NOUVELLES
25/05/2014 12:00 EDT | Actualisé 25/07/2014 05:12 EDT

La démocratie a causé du tort à la Thaïlande, selon un porte-parole de l'armée

BANGKOK - Un porte-parole de l'armée thaïlandaise a déclaré, dimanche, que la démocratie avait causé du tort à la Thaïlande alors que la junte militaire ayant pris le pouvoir tentait de calmer les critiques de la communauté internationale et que des centaines de manifestants confrontaient des soldats au centre de Bangkok.

Les manifestations se sont poursuivies depuis que l'armée a pris la tête du pays, jeudi, après des mois de conflit entre le gouvernement élu et un mouvement de protestation, et les leaders militaires ont prié la population de faire preuve de patience.

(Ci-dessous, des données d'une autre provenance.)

From HB Require Import structures.
From mathcomp Require Import all_boot all_order all_algebra.
From mathcomp Require Import all_classical all_reals all_analysis.
From mathcomp Require Import ring lra measurable_realfun.
Import Order.TTheory GRing.Theory Num.Theory.
Import numFieldNormedType.Exports.
Local Open Scope classical_set_scope.
Local Open Scope ring_scope.

(* Put u = sinh x / d. The integrand d / sqrt (sinh^2 x - d^2) = 1 / sqrt (u^2 - 1)
   differs by the factor coth x from the derivative of G x = arcsec u, and
   1 <= coth x <= 1 + 1/d wherever sinh x > d. Hence lambda_d rho <= sup G = pi/2,
   and lambda_d rho is at least (G rho - G x) / (1 + 1/d) for asinh d < x < rho.
   Take x = asinh (d + 1), i.e. u = 1 + 1/d, so G x -> arcsec 1 = 0, while
   sinh (rho_hat d) / d ~ sqrt d / 2 -> +oo gives G (rho_hat d) -> pi/2. *)

Lemma is_derive_continuous {R : realType} {f : R -> R} {x df : R} :
  is_derive x 1 f df -> {for x, continuous f}.
Proof. by case=> fx _; exact/differentiable_continuous/derivable1_diffP. Qed.

Section hyperbolic.
Context {R : realType}.
Implicit Types x y : R.

Definition cosh x : R := (expR x + expR (- x)) / 2.
Definition coth x : R := cosh x / sinh x.

Lemma is_derive_expRN x : is_derive x 1 (fun y => expR (- y)) (- expR (- x)).
Proof. by rewrite -[X in is_derive _ _ _ X]mulrN1; apply: is_derive1_comp. Qed.

Lemma is_derive_sinh x : is_derive x 1 (@sinh R) (cosh x).
Proof.
have := is_deriveM (is_deriveB (is_derive_expR x) (is_derive_expRN x))
  (is_derive_cst (2^-1 : R) x 1).
rewrite scaler0 add0r => D; apply: (is_derive_eq D).
by rewrite /cosh /cst /GRing.scale /= opprK mulrC.
Qed.

Lemma is_derive_cosh x : is_derive x 1 cosh (sinh x).
Proof.
have := is_deriveM (is_deriveD (is_derive_expR x) (is_derive_expRN x))
  (is_derive_cst (2^-1 : R) x 1).
rewrite scaler0 add0r => D; apply: (is_derive_eq D).
by rewrite /sinh /cst /GRing.scale /= mulrC.
Qed.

L'armée demeure toutefois évasive au sujet des politiciens et les autres personnes qu'elle a convoqués et placés en détention, dont l'ancienne première ministre Yingluck Shinawatra, qui s'est rendue aux autorités militaires vendredi.

Certaines rumeurs voulaient que Mme Shinawatra ait été libérée dimanche, mais l'un de ses collaborateurs a affirmé que la politicienne avait été transférée à un autre endroit, mais pas relâchée.

Samedi, le porte-parole de l'armée, le colonel Weerachon Sukondhapatipak, avait affirmé que plus de 100 personnes étaient présentement détenues, mais le site Prachatai et des opposants au coup d'État ont soutenu qu'il y avait eu de nombreuses autres arrestations, en plus de la liste d'individus sommés de se présenter devant les militaires.

Des troupes ont été déployées, dimanche, dans l'un des quartiers commerciaux les plus achalandés de Bangkok et ont bloqué l'accès à l'aérotrain afin d'empêcher la tenue d'une troisième journée consécutive de rassemblements contre le coup d'État. Ils ont été accueillis par une foule d'environ 1000 personnes criant «Partez, partez, partez!».

Le leader de la junte, le général Prayuth Chan-ocha, a justifié sa décision de s'emparer du pouvoir en disant que l'armée avait le devoir d'agir pour éviter la violence et mettre un terme à une crise politique déclenchée par des manifestations antigouvernementales qui ont fait 28 morts et plus de 800 blessés.

Ces protestations s'inscrivaient dans le cadre d'un bras de fer entre les partisans de l'ex-premier ministre Thaksin Shinawatra, le frère de Yingluck, qui a lui-même été renversé par un coup d'État en 2006 avant de s'exiler, et leurs opposants appuyés par l'élite traditionnelle du pays.